[Dataset items]

_____

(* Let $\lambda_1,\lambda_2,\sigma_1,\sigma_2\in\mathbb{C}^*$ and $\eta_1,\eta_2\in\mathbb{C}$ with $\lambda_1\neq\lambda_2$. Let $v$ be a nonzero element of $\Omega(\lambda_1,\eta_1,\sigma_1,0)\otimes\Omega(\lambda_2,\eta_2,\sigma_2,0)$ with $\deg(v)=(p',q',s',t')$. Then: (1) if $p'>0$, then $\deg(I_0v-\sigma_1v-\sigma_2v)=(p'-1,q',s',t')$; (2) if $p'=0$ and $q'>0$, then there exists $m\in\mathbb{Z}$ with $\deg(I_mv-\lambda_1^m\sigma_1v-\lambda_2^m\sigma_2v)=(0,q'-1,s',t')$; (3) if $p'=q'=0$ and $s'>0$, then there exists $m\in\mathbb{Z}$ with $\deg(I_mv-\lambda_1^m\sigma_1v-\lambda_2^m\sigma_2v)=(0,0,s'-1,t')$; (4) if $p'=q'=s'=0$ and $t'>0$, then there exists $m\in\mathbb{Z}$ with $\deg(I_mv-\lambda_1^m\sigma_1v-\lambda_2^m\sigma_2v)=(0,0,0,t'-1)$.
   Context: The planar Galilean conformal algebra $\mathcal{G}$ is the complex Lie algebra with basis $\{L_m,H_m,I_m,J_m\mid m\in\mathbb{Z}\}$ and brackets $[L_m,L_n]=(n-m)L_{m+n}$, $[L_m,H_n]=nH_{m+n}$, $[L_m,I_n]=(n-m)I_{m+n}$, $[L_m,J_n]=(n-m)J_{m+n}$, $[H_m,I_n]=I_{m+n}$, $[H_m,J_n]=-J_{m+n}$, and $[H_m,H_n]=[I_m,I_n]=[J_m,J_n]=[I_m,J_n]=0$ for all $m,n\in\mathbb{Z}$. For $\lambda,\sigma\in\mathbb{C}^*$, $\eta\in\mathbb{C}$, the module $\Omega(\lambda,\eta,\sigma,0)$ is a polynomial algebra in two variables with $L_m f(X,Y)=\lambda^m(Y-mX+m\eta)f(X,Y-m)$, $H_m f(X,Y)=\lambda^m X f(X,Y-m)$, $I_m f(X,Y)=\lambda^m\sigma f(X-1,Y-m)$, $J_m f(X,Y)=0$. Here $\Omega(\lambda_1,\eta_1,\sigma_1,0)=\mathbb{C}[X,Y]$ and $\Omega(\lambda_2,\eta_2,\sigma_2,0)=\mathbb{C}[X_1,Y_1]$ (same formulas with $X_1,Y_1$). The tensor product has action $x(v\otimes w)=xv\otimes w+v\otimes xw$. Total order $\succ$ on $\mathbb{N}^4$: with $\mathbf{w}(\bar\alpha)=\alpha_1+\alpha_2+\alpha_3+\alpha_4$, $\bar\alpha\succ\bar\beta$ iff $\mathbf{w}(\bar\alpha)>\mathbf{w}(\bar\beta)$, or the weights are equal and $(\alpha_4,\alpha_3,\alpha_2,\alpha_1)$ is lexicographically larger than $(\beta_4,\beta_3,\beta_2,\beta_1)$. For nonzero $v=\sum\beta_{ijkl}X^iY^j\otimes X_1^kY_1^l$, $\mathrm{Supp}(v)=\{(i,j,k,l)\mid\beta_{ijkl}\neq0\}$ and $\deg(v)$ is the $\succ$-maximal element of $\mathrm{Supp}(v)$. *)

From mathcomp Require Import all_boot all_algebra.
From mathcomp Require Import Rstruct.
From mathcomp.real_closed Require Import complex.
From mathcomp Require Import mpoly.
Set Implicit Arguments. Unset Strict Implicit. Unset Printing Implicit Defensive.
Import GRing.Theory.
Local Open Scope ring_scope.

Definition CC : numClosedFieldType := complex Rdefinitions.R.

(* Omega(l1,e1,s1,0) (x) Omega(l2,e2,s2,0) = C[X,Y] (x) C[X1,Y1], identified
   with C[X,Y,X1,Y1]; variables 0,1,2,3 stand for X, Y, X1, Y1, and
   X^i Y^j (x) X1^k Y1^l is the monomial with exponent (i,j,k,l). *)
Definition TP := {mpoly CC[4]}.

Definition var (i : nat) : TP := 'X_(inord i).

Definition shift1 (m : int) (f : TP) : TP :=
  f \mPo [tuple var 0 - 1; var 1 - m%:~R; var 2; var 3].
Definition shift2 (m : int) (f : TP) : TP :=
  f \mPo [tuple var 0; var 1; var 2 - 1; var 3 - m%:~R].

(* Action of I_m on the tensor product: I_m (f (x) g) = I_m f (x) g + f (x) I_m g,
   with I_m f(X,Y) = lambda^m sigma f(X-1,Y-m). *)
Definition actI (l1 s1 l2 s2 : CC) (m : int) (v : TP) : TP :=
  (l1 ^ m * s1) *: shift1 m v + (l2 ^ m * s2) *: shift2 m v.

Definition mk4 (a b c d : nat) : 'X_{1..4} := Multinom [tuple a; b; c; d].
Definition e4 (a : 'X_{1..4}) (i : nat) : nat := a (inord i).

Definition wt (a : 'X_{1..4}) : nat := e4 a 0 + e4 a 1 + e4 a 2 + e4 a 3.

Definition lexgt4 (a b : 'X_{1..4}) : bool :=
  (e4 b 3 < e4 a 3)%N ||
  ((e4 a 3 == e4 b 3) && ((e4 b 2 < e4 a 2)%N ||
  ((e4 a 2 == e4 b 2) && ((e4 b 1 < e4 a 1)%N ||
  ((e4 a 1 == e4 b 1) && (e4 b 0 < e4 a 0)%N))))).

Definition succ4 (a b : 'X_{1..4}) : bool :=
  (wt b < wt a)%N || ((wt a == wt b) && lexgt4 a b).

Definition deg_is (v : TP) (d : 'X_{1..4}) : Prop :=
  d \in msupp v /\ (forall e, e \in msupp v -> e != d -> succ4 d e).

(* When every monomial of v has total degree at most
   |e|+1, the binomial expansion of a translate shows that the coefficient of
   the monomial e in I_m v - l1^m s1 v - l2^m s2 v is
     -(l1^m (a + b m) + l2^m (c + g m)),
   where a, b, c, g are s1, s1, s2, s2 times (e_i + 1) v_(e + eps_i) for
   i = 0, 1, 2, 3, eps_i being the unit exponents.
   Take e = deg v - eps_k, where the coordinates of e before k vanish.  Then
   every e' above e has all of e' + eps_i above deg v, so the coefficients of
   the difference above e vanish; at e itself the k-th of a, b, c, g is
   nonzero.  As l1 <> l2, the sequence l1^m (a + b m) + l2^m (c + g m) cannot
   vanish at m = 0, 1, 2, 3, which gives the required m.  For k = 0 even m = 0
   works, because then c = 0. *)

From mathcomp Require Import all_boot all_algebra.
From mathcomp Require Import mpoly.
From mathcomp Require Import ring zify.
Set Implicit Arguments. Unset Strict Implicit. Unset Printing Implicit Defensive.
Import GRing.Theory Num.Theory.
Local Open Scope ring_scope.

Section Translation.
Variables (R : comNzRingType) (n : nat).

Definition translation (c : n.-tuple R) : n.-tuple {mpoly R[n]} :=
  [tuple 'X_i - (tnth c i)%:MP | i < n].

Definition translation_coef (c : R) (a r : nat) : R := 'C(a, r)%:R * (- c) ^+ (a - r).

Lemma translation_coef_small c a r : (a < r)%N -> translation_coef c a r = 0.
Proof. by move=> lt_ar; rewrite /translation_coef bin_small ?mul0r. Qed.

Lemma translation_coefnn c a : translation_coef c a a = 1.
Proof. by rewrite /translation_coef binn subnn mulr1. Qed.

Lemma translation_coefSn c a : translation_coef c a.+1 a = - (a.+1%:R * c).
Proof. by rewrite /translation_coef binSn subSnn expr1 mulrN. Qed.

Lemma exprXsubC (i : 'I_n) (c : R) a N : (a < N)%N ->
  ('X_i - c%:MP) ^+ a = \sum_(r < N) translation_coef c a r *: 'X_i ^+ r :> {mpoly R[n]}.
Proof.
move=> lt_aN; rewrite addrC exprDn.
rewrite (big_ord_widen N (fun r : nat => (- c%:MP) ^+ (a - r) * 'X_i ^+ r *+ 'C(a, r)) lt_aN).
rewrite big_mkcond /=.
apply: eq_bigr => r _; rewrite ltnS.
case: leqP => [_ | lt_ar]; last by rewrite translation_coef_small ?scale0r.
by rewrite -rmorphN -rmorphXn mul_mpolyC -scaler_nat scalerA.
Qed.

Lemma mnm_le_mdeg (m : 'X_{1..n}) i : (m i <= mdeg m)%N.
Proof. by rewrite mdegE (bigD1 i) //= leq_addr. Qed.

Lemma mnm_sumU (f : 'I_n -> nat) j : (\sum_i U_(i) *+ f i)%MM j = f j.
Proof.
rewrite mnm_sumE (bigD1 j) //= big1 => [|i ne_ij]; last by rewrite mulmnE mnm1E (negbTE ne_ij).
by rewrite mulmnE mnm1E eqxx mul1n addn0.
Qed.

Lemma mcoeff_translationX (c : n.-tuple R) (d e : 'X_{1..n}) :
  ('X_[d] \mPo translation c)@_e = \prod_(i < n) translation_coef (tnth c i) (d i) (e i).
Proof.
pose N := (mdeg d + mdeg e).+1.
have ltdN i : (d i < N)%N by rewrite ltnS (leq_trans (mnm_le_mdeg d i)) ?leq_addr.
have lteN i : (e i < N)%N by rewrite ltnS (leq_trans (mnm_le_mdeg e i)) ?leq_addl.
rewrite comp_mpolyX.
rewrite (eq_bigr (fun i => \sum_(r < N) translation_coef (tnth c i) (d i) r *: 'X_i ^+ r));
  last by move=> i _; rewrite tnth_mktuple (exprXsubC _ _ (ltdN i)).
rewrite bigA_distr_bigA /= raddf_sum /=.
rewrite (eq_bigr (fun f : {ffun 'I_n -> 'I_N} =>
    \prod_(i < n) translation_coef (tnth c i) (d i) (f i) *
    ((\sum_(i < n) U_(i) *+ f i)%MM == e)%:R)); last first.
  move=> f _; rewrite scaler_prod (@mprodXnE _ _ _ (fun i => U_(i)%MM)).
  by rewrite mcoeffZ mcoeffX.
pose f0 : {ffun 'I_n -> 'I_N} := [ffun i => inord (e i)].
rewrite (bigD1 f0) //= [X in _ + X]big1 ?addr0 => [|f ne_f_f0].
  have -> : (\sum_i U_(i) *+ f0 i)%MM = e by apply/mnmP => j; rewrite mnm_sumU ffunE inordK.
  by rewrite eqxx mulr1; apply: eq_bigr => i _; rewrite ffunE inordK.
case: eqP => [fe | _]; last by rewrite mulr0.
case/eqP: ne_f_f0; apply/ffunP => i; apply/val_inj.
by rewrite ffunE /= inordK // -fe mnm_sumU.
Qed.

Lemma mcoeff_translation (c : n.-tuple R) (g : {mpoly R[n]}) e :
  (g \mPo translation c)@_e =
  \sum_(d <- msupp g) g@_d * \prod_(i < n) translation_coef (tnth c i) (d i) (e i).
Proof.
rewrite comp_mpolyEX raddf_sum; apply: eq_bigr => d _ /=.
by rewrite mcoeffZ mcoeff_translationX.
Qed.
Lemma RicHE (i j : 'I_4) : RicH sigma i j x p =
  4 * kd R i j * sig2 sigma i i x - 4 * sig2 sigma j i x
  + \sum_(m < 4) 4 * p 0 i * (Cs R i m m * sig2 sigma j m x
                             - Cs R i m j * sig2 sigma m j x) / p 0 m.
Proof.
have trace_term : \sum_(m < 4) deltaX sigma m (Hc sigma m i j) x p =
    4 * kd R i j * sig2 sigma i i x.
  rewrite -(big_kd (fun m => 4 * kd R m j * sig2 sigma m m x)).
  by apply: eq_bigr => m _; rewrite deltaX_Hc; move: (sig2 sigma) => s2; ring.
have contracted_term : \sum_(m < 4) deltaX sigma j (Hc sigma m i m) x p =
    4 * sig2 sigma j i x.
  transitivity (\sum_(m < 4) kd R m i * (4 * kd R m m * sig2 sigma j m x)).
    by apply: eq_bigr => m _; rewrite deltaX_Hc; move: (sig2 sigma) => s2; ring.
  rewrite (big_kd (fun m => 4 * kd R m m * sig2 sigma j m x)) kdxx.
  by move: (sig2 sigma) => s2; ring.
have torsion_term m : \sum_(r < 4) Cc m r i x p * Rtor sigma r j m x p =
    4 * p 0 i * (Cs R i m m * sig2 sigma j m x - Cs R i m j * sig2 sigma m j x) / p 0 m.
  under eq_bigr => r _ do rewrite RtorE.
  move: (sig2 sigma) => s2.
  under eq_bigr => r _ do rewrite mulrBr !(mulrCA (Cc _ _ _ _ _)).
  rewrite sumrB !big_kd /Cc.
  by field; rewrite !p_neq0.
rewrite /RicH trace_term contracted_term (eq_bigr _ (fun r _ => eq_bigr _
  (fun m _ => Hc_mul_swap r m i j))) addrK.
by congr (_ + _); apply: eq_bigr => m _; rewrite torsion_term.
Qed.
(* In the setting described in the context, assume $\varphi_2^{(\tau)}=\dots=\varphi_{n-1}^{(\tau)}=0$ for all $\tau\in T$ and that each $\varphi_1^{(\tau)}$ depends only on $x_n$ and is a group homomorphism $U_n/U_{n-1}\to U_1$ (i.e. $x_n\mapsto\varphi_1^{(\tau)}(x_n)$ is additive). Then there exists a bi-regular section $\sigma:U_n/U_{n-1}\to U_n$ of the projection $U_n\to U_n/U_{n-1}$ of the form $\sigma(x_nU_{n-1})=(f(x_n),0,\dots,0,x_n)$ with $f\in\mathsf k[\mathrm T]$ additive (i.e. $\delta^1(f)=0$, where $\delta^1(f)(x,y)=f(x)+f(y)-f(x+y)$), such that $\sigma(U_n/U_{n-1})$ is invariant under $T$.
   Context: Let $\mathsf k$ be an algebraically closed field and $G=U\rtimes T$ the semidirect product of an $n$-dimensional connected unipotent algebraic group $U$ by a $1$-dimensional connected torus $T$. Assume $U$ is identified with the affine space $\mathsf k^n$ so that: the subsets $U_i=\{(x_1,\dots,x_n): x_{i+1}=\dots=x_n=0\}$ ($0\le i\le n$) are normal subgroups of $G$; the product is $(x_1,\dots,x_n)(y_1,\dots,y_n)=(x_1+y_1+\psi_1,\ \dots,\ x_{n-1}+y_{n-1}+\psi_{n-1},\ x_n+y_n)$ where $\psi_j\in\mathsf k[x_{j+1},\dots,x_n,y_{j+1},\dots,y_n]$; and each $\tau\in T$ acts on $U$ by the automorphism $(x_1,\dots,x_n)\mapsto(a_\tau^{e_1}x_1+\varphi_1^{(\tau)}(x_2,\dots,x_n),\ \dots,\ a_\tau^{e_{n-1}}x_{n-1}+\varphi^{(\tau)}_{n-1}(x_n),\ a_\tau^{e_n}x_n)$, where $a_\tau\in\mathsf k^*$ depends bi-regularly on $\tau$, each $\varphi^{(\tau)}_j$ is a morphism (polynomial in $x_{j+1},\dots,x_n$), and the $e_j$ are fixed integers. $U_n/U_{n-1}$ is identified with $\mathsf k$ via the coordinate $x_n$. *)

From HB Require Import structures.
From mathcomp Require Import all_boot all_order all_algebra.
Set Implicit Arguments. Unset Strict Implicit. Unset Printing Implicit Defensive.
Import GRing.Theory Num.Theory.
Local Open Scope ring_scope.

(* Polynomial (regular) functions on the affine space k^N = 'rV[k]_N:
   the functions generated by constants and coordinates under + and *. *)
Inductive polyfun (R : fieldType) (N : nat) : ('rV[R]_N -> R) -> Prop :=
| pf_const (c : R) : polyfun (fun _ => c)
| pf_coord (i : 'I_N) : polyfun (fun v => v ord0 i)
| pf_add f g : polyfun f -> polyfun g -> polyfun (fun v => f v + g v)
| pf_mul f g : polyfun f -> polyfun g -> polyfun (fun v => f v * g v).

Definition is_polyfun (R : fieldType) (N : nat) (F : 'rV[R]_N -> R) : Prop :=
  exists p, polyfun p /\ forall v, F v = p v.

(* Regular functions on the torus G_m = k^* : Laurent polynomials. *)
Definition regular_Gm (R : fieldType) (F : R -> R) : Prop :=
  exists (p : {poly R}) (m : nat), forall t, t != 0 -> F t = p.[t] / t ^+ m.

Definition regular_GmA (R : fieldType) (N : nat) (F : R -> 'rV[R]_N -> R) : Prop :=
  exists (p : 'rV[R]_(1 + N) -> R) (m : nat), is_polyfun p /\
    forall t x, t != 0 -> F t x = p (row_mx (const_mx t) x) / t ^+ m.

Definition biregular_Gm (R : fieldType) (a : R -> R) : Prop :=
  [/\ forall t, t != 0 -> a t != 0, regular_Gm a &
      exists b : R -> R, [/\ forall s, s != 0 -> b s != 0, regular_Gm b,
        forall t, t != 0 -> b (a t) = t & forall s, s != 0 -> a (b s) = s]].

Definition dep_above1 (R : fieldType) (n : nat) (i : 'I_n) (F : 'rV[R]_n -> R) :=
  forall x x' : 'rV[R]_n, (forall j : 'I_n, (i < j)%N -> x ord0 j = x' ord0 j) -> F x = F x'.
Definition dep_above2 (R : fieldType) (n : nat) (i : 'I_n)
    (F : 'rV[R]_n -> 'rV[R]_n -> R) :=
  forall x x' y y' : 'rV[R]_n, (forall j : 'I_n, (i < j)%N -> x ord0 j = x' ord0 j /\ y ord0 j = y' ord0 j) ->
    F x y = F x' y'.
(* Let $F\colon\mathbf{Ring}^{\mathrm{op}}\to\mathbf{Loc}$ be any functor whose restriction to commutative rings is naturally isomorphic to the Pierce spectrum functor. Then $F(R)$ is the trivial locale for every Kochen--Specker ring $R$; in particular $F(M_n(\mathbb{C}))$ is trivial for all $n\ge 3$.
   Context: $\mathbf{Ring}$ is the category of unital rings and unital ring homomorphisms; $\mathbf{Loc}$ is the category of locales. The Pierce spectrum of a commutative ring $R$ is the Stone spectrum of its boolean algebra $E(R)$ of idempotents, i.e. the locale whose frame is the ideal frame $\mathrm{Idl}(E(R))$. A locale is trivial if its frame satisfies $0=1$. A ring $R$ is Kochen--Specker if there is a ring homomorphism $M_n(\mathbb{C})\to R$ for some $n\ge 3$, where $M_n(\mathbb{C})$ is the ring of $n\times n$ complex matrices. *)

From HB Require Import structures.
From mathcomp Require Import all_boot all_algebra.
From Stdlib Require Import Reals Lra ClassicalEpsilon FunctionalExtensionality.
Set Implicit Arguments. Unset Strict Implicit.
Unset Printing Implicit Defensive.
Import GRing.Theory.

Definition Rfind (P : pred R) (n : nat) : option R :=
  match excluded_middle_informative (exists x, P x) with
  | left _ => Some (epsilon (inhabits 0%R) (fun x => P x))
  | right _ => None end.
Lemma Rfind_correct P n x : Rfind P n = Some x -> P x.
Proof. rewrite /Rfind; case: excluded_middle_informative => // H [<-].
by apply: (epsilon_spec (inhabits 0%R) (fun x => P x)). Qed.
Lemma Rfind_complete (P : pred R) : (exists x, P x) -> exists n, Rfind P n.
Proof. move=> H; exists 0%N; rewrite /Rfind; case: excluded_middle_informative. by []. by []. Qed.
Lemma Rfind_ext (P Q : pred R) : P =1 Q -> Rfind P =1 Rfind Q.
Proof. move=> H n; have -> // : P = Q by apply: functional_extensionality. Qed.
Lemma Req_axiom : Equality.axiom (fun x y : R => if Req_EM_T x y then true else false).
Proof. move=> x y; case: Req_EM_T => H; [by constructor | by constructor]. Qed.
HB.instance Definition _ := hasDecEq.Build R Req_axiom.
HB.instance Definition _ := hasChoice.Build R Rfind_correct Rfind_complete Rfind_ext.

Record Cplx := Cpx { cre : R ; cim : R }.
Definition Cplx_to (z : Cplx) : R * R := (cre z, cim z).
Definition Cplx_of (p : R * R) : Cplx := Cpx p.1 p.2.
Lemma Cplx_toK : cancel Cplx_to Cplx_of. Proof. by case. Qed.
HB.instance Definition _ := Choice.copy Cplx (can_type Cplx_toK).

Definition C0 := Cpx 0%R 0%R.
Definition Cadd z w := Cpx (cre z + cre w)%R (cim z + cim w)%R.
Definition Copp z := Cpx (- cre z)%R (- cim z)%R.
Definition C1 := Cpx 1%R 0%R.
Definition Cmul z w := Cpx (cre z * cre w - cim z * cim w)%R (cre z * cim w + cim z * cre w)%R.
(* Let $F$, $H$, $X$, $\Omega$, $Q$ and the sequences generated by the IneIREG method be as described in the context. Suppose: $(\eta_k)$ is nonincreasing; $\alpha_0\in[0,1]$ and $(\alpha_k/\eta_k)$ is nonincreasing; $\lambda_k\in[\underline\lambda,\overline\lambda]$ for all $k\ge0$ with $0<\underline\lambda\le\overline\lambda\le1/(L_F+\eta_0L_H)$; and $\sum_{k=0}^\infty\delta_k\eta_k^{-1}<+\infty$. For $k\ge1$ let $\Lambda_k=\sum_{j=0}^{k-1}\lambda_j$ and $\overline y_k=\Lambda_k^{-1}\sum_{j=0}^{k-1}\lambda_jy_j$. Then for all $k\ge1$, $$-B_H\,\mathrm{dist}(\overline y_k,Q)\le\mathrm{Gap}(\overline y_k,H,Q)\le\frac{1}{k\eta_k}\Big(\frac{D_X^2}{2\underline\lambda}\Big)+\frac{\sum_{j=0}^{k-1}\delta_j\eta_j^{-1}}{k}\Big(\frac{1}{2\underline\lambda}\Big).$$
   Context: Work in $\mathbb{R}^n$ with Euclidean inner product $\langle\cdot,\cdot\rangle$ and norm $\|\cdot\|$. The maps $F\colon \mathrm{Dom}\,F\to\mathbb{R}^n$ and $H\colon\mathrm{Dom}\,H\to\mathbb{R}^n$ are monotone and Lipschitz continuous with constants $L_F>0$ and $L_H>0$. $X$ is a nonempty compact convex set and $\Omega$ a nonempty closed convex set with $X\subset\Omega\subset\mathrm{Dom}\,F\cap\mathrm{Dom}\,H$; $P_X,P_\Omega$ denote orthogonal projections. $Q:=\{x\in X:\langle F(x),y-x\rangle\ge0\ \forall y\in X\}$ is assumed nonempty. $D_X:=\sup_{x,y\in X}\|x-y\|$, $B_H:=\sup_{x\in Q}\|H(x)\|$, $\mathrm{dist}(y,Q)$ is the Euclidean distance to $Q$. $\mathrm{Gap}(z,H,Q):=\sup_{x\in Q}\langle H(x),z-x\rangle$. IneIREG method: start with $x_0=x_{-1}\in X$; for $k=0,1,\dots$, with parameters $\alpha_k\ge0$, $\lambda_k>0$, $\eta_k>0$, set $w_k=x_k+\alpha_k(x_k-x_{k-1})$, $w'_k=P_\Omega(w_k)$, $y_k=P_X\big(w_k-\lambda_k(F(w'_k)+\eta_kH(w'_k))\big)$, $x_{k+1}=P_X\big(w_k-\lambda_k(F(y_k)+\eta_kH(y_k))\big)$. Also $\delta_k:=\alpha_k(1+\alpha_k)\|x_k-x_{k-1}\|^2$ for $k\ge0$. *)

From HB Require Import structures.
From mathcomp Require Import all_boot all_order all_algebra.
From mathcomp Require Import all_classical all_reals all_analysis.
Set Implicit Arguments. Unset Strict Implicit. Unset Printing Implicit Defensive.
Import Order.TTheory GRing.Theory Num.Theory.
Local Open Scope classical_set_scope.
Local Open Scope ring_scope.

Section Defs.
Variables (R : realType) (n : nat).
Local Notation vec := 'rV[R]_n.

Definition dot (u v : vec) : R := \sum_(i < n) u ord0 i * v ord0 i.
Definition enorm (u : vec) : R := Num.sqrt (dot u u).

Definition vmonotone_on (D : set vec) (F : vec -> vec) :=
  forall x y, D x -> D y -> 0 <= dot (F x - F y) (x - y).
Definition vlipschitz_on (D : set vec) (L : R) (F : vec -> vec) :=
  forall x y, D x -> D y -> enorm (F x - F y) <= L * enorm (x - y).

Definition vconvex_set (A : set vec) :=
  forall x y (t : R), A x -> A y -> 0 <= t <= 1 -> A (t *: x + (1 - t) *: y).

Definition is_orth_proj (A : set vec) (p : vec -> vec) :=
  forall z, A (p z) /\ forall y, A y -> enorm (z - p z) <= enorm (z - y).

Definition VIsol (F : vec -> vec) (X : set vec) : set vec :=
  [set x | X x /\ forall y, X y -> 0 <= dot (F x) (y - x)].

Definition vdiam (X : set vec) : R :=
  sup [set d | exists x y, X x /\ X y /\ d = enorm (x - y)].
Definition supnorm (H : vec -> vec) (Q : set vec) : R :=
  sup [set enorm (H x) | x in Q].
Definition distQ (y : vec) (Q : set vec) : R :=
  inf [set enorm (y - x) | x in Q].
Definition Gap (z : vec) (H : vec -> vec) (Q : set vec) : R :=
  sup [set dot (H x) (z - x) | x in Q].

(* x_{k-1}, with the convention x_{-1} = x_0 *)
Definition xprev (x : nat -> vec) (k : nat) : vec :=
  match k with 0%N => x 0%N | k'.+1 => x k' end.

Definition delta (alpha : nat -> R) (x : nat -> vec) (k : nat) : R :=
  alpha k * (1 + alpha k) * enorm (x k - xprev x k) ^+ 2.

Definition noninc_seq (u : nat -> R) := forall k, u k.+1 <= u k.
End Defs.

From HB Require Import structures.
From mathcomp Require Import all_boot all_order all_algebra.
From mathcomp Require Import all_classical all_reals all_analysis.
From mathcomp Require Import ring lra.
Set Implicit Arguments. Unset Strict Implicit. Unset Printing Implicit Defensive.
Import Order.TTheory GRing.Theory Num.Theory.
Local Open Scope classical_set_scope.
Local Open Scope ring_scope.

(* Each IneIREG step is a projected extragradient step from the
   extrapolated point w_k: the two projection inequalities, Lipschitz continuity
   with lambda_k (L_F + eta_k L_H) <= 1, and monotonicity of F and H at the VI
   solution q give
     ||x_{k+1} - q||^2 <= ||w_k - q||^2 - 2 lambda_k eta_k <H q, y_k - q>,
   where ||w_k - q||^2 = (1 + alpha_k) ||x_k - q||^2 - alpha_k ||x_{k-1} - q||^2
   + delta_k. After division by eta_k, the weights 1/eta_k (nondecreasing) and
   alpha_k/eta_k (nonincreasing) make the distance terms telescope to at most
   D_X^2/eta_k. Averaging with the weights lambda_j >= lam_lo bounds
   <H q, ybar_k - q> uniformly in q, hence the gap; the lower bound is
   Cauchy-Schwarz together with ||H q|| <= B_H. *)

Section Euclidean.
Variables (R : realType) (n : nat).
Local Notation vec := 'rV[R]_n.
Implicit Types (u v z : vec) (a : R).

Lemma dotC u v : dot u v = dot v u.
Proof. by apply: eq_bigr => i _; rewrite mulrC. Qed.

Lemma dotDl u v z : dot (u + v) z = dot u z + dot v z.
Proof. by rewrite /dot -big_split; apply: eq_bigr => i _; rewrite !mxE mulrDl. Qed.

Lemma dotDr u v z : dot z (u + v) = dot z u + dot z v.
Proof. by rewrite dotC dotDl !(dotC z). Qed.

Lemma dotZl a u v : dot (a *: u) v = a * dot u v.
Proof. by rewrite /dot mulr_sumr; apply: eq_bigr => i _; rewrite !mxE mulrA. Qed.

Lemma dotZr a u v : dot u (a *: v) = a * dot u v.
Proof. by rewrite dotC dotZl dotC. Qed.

_____

PROBLEM TO SOLVE ▸
Lines that include the word "vanish" are to be extracted from the data above.

EXERCISE RESPONSE ▸
   Take e = deg v - eps_k, where the coordinates of e before k vanish.  Then
   the difference above e vanish; at e itself the k-th of a, b, c, g is
   vanish at m = 0, 1, 2, 3, which gives the required m.  For k = 0 even m = 0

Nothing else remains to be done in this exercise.